The Senate President, Dr. Bukola Saraki, Senator Dino Melaye and Ben Murray-Bruce were odered to honour the Federal High Court in Abuja’s invitation for questioning over their roles in the 5th October, 2018 street procession staged in Abuja by the Peoples Democratic Party.

The senators were part of the PDP leaders who led the protest which held some days after last year’s governorship election in Osun State was declared to have been won by the All Progressives Congress.

The protest was held by the senators who led the its members to the Independent National Electoral Commission’s office in Abuja, demanding a free and fair election in 2019. They alleged that the security agencies, including the Police, colluded with the APC to rig the earlier governorship election in Ekiti State and the one later held in Osun.

Justice Okon Abang dismissed the fundamental human rights enforcement suit file by Senators on delivering judgement.

The senators had sought the court’s order nullifying the October 6 and 8, 2018 letters of invitation by the Police.

They had also, in their suit filed on October 8, 2018, claimed that the Police invitation amounted to harassment, intimidation and an attempt by the Police to detain them unlawfully.

They prayed for, among others in the suit, the court’s declaration that the act of the Police dispersing their procession using tear gas was a violation of their various rights, and sought an order awarding them N500m as “exemplary and pecuniary damages.”

Justice Abang, in his judgment on Thursday, upheld the case made out by the Police by dismissing the applicants’ suit for lacking in merit and awarding the cost of N50,000 against the three applicants.

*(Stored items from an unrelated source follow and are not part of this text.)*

Theorem mainTheorem11
  (O : nat -> omegaCat) (oo : forall k, O k) (xi : forall k, O k -> O k)
  (eta : forall k, O k -> O k.+1) :
  (forall k, is_omegaCat (O k)) ->
  (forall k, is_expansion (oo k) (xi k)) ->
  is_free_exp (oo 0) (xi 0) (@fromEmpty (O 0)) ->
  (forall k, is_free_exp (oo k.+1) (xi k.+1) (eta k)) ->
  forall (n m : nat) (l : seq nat),
    (1 <= m)%N -> size l = m.+1 -> sorted ltn l -> all (fun i => i <= n)%N l ->
    let x := gen oo xi eta n l in
    lam_eq m.-1 (delta (src m.-1 x))
      (fun z => (\sum_(j < m.+1 | odd j) delta (gen oo xi eta n (face l j)) z)%R)
    /\
    lam_eq m.-1 (delta (tgt m.-1 x))
      (fun z => (\sum_(j < m.+1 | ~~ odd j) delta (gen oo xi eta n (face l j)) z)%R).
Proof.
move=> HO HX _ Hfree n m l hm hs hsort hall x.
have Heta k : is_functor (eta k) by case: (Hfree k).
have hl : l != [::] by rewrite -size_eq0 hs.
have hl1 : 1 < size l by rewrite hs.
have [hsrc htgt] := gen_boundary HO HX Heta hl hsort hall hl1.
rewrite /faces hs in hsrc htgt.
split; [exact: lam_eq_delta_sum hsrc | exact: lam_eq_delta_sum htgt].
Qed.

He held that a mere invitation by the Police, which are empowered by Section 4 of the Police Act to detect and investigate crimes, could never amount to harassment or intimidation.

Abang further held that the Police, having alleged in their response to the suit that the PDP procession was dispersed following the protesters’ riotous and criminal conduct, the law enforcement agency had the power to invite suspects for questioning.

He ruled that the Police invitation extended to them remained valid and subsisting, adding that it was the outcome of their honouring the invitation that would determine if their rights had been violated.

Abang ruled, “The court cannot restrain the Police from carrying out their statutory function; and in this case, they have acted within the provision of Section 4 of the Police Act.

“They issued the letters dated October 6 and 8 inviting the applicants for questioning over their roles in the procession of the Peoples Democratic Party that held on October 5, 2018. The Police acted in public and national interests.

“The letters of invitation dated October 6 and 8, 2018 remain valid and subsisting. The applicants shall respond and report to the Police without fail.

“It is the outcome of the applicants’ honouring the invitation that would determine if their rights have been violated; certainly not before honouring the invitation.”